Es verdad que la esperanza es lo último que se pierde y que tenemos que recuperar la necesaria moral de compromiso, resistencia y victoria frente a la barbarie violenta del totalitarismo etnicista. Pero eso sólo es posible si se reconstruye la unidad democrática por encima de las diferencias y los reproches. Y en esto, habrá que insistir una y otra vez, y hacerlo -ahora sí- contra viento y marea, por muy pocas que sean las probabilidades de conseguirlo. Nuestros gobernantes y líderes políticos deben saber que no les van a resultar gratis los obstáculos o excusas que pongan a esta demanda, que es clamor popular en la opinión pública.
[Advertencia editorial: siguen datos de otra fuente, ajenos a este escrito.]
(* For all $y,k\in\mathbb N_0$, each of the following sets lies in $\mathcal L(C_2^5)$: \begin{enumerate} \item $y+2k+\{3,5,6,7\}+4\cdot[0,k]$; \item $y+2k+\{4,5,6,8\}+4\cdot[0,k]$; \item $y+2k+\{5,6,7,9,10,11\}+4\cdot[0,k]$; \item $y+2k+\{4,5,7,8,9\}+4\cdot[0,k]$; \item $y+2k+\{5,6,8,9,10,12\}+4\cdot[0,k]$; \item $y+2k+\{4,6,7,8,10\}+4\cdot[0,k]$. \end{enumerate}
   Context: $C_2^r$ denotes an elementary abelian $2$-group of rank $r$; $[a,b]=\{x\in\mathbb Z:a\le x\le b\}$. For $L,L'\subset\mathbb Z$ and $y,k\in\mathbb Z$: $L+L'=\{a+b:a\in L,b\in L'\}$, $y+L=\{y\}+L$, and $k\cdot L=\{ka:a\in L\}$ (so $4\cdot[0,k]=\{0,4,\dots,4k\}$). For a subset $G_0$ of a finite abelian group $G$, a sequence over $G_0$ is an element of the free abelian monoid $\mathcal F(G_0)$ with basis $G_0$ (a finite unordered list of elements of $G_0$, repetitions allowed). $\mathcal B(G_0)$ is the monoid of zero-sum sequences over $G_0$ (including the empty sequence). An atom is a minimal zero-sum sequence, i.e. a nonempty zero-sum sequence that is not a product of two nonempty zero-sum sequences. For $B\in\mathcal B(G_0)$, $\mathsf L(B)=\{k\in\mathbb N_0: B \text{ is a product of } k \text{ atoms}\}$, and $\mathcal L(G_0)=\{\mathsf L(B):B\in\mathcal B(G_0)\}$; $\mathcal L(G)$ is the case $G_0=G$. *)

From HB Require Import structures.
From mathcomp Require Import all_boot all_order all_algebra.
Set Implicit Arguments. Unset Strict Implicit. Unset Printing Implicit Defensive.
Import GRing.Theory.
Local Open Scope ring_scope.

(* Sequences over a finite abelian group G: elements of the free abelian
   monoid F(G), represented by their multiplicity functions G -> nat. *)
Definition gseq (G : finZmodType) := {ffun G -> nat}.

Definition gseq_one (G : finZmodType) : gseq G := [ffun => 0%N].
Definition gseq_mul (G : finZmodType) (S T : gseq G) : gseq G :=
  [ffun g => (S g + T g)%N].
Definition gseq_prod (G : finZmodType) (s : seq (gseq G)) : gseq G :=
  foldr (@gseq_mul G) (gseq_one G) s.

Definition gseq_len (G : finZmodType) (S : gseq G) : nat := (\sum_(g : G) S g)%N.
Definition gseq_sum (G : finZmodType) (S : gseq G) : G := \sum_(g : G) g *+ S g.

Definition zero_sum (G : finZmodType) (S : gseq G) : Prop := gseq_sum S = 0.

Definition atom (G : finZmodType) (A : gseq G) : Prop :=
  [/\ zero_sum A, (0 < gseq_len A)%N &
      ~ exists B C : gseq G, [/\ zero_sum B, zero_sum C, (0 < gseq_len B)%N,
                                 (0 < gseq_len C)%N & A = gseq_mul B C]].

Definition in_lengths (G : finZmodType) (B : gseq G) (k : nat) : Prop :=
  exists s : seq (gseq G), [/\ size s = k, (forall A, A \in s -> atom A) &
                                gseq_prod s = B].

Definition in_system_of_sets (G : finZmodType) (L : nat -> Prop) : Prop :=
  exists B : gseq G, zero_sum B /\ forall k, in_lengths B k <-> L k.

Definition shifted_set (y k : nat) (S : seq nat) (n : nat) : Prop :=
  exists s j, s \in S /\ (j <= k)%N /\ n = (y + 2 * k + s + 4 * j)%N.

Definition C2_5 : finZmodType := 'rV['F_2]_5.

(* Let e1, ..., e5 be the standard basis of C_2^5, e0 = e1 + ... + e5, f = e1 + e2 and
   g = e3 + e4, and let G0 = {0, e1, ..., e5, e0, f, g}.  Every one of the six sets is
   the set of lengths of a sequence
       B(y, p, q, r) = 0^y (e1 e2)^p (e3 e4)^q (e5 e0)^r f g            (fg_seq)
   for suitable p, q, r that are affine in k.  A finite computation shows
      that the atoms over G0 are exactly fifteen sequences (atom_mults): 0, the eight
      squares, e1e2f, e3e4g, e5e0fg, e1e2e5e0g, e3e4e5e0f and e1e2e3e4e5e0.  Hence a
      factorization of a sequence over G0 is a vector of atom counts c in N^15 solving
      a linear system, and its length is the sum of c (lengths_G0P).
   2. For B(y, p, q, r) the terms f and g are covered in one of five ways, the rest being
      squares and copies of e1e2e3e4e5e0; this yields an explicit description fg_length
      of the set of lengths (fg_lengthsP).
   3. Each of the six sets is an interval with one residue class mod 4 removed, shifted by
      4.[0,k]; explicit factorizations and interval/residue bounds identify it with
      fg_length for the right p, q, r. *)

From mathcomp Require Import all_boot all_order all_algebra zify.
Import GRing.Theory.
Set Implicit Arguments. Unset Strict Implicit.
Local Open Scope ring_scope.

Section SequenceAlgebra.
Variable G : finZmodType.

Lemma gseq_sum_mul (S T : gseq G) : gseq_sum (gseq_mul S T) = gseq_sum S + gseq_sum T.
Proof. by rewrite /gseq_sum -big_split; apply: eq_bigr => g _; rewrite ffunE mulrnDr. Qed.

Lemma atom_eq_divisor (A S : gseq G) : atom A -> (forall g, S g <= A g)%N ->
  zero_sum S -> (0 < gseq_len S)%N -> A = S.
Proof.
case=> zA _ indec leSA zS lS.
pose C : gseq G := [ffun g => (A g - S g)%N].
have AC : A = gseq_mul S C by apply/ffunP => g; rewrite !ffunE subnKC.
have zC : zero_sum C by move: zA; rewrite /zero_sum AC gseq_sum_mul zS add0r.
have [C0 | lC] := posnP (gseq_len C); last by case: indec; exists S, C.
apply/ffunP => g; rewrite AC ffunE.
move/eqP: C0; rewrite /gseq_len sum_nat_eq0 => /forallP /(_ g) /eqP ->.
by rewrite addn0.
Qed.

Lemma gseq_prod_ge (s : seq (gseq G)) A : A \in s -> forall g, (A g <= gseq_prod s g)%N.
Proof.
elim: s => [|B s IH] //=; rewrite inE => /orP [/eqP -> | As] g; rewrite ffunE.
  exact: leq_addr.
exact: leq_trans (IH As g) (leq_addl _ _).
Qed.

Lemma in_lengths_zero_sum (B : gseq G) n : in_lengths B n -> zero_sum B.
Proof.
case=> s [_ atoms <-]; elim: s atoms => [|A s IH] atoms /=.
  by rewrite /zero_sum /gseq_sum big1 // => g _; rewrite ffunE.
have [zA _ _] := atoms A (mem_head _ _).
rewrite /zero_sum gseq_sum_mul zA add0r; apply: IH => A1 A1s.
by apply: atoms; rewrite inE A1s orbT.
Qed.

End SequenceAlgebra.

Lemma F2_natr_odd n : (n%:R : 'F_2) = (odd n)%:R.
Proof.
by rewrite {1}(divn_eq n 2) natrD natrM (pchar_Fp_0 (p:=2)) // mulr0 add0r modn2.
Qed.

Lemma F2_natr_eq0 n : ((n%:R : 'F_2) == 0) = ~~ odd n.
Proof. by rewrite F2_natr_odd; case: odd; rewrite ?oner_eq0. Qed.

Definition bitvec (b : seq nat) : C2_5 := \row_(j < 5) (nth 0%N b j)%:R.

Definition bitlist : pred (seq nat) := [pred b | (size b == 5) && all (leq^~ 1%N) b].

Lemma bitvec_inj : {in bitlist &, injective bitvec}.
Proof.
move=> b b' /andP[/eqP sb /allP bb] /andP[/eqP sb' /allP bb'] E.
apply: (eq_from_nth (x0 := 0%N)) => [|i]; first by rewrite sb sb'.
rewrite sb => lti5; have := congr1 (fun g : C2_5 => g ord0 (Ordinal lti5)) E.
rewrite !mxE /= (F2_natr_odd (nth _ b i)) (F2_natr_odd (nth _ b' i)).
have /bb le : nth 0%N b i \in b by rewrite mem_nth ?sb.
have /bb' le' : nth 0%N b' i \in b' by rewrite mem_nth ?sb'.
by case: (nth 0%N b i) le => [|[|]] //; case: (nth 0%N b' i) le' => [|[|]] //= _ _ /eqP;
  rewrite ?oner_eq0 // eq_sym oner_eq0.
Qed.

(* G0 = [0; e1; e2; e3; e4; e5; e0; f; g] with e0 = e1 + ... + e5, f = e1 + e2, g = e3 + e4. *)
Definition G0_bits : seq (seq nat) :=
  [:: [:: 0;0;0;0;0]; [:: 1;0;0;0;0]; [:: 0;1;0;0;0]; [:: 0;0;1;0;0]; [:: 0;0;0;1;0];
      [:: 0;0;0;0;1]; [:: 1;1;1;1;1]; [:: 1;1;0;0;0]; [:: 0;0;1;1;0]]%N.
Definition G0 : seq C2_5 := map bitvec G0_bits.

Lemma G0_uniq : uniq G0.
Proof. by rewrite map_inj_in_uniq //; apply: sub_in2 bitvec_inj; apply/allP. Qed.

Lemma size_G0 : size G0 = 9%N. Proof. by []. Qed.

Lemma index_G0 g : g \in G0 -> (index g G0 < 9)%N.
Proof. by rewrite -index_mem. Qed.

Definition G0seq (m : seq nat) : gseq C2_5 :=
  [ffun g => if g \in G0 then nth 0%N m (index g G0) else 0%N].

Definition mults (A : gseq C2_5) : seq nat := [seq A (nth 0 G0 i) | i <- iota 0 9].

Lemma nth_iota9 (F : nat -> nat) i : (i < 9)%N -> nth 0%N [seq F j | j <- iota 0 9] i = F i.
Proof. by move=> lti9; rewrite (nth_map 0%N) ?size_iota // nth_iota. Qed.

Lemma size_mults A : size (mults A) = 9%N. Proof. by rewrite size_map size_iota. Qed.

Lemma G0seq_nth m i : (i < 9)%N -> G0seq m (nth 0 G0 i) = nth 0%N m i.
Proof. by move=> lti9; rewrite ffunE mem_nth // index_uniq // G0_uniq. Qed.

Definition on_G0 (A : gseq C2_5) : Prop := forall g, g \notin G0 -> A g = 0%N.

Lemma G0seq_on_G0 m : on_G0 (G0seq m).
Proof. by move=> g g'G0; rewrite ffunE (negbTE g'G0). Qed.

Lemma on_G0_le (A B : gseq C2_5) : on_G0 A -> (forall g, B g <= A g)%N -> on_G0 B.
Proof. by move=> onA leBA g g'G0; apply/eqP; rewrite -leqn0 -(onA g g'G0) leBA. Qed.

Lemma G0seq_ext m m' : (forall i, (i < 9)%N -> nth 0%N m i = nth 0%N m' i) ->
  G0seq m = G0seq m'.
Proof.
by move=> eqm; apply/ffunP => g; rewrite !ffunE; case: ifP => // /index_G0 /eqm.
Qed.

Lemma G0seq_inj m m' : size m = 9%N -> size m' = 9%N -> G0seq m = G0seq m' -> m = m'.
Proof.
move=> sm sm' E; apply: (eq_from_nth (x0 := 0%N)) => [|i]; first by rewrite sm sm'.
by rewrite sm => lti9; rewrite -!G0seq_nth // E.
Qed.

Lemma G0seq_mults (A : gseq C2_5) : on_G0 A -> A = G0seq (mults A).
Proof.
move=> suppA; apply/ffunP => g; rewrite ffunE; case: ifP => g_G0; last by rewrite suppA ?g_G0.
by rewrite nth_iota9 ?index_G0 // nth_index.
Qed.

Lemma G0seq_le m m' : (forall i, (i < 9)%N -> nth 0%N m i <= nth 0%N m' i)%N ->
  forall g, (G0seq m g <= G0seq m' g)%N.
Proof. by move=> lemm' g; rewrite !ffunE; case: ifP => // /index_G0 /lemm'. Qed.

Definition add_mults (m m' : seq nat) := [seq (nth 0 m i + nth 0 m' i)%N | i <- iota 0 9].

Lemma G0seq_mul m m' : gseq_mul (G0seq m) (G0seq m') = G0seq (add_mults m m').
Proof.
by apply/ffunP => g; rewrite !ffunE; case: ifP => // /index_G0 /nth_iota9 ->.
Qed.

Lemma sumn_iota (F : nat -> nat) n : sumn [seq F i | i <- iota 0 n] = (\sum_(i < n) F i)%N.
Proof. by rewrite sumnE big_map -(big_mkord xpredT) /index_iota subn0. Qed.

Definition len_mults (m : seq nat) := sumn [seq nth 0%N m i | i <- iota 0 9].

Lemma len_G0seq m : gseq_len (G0seq m) = len_mults m.
Proof.
rewrite /len_mults sumn_iota /gseq_len (bigID (mem G0)) /=.
rewrite [X in (_ + X)%N]big1 ?addn0 => [|g]; last exact: G0seq_on_G0.
rewrite -big_uniq ?G0_uniq // (big_nth 0) size_G0 big_mkord.
by apply: eq_bigr => i _; rewrite G0seq_nth.
Qed.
Vuelvo a insitir. ¿Tan difícil es conseguir un acuerdo estratégico de mínimos para encarar definitivamente el ciclo final de la violencia y el pleno arraigo del pluralismo democrático? A veces, la ceguera instrumental de los intereses partidistas nos hace olvidar que éste, más que un objetivo político, es un imperativo moral al que no se puede renunciar o postergar por más tiempo sin consecuencias serias para todos.

Francisco J. Llera Ramo, catedrático de C. Política UPV-EHU.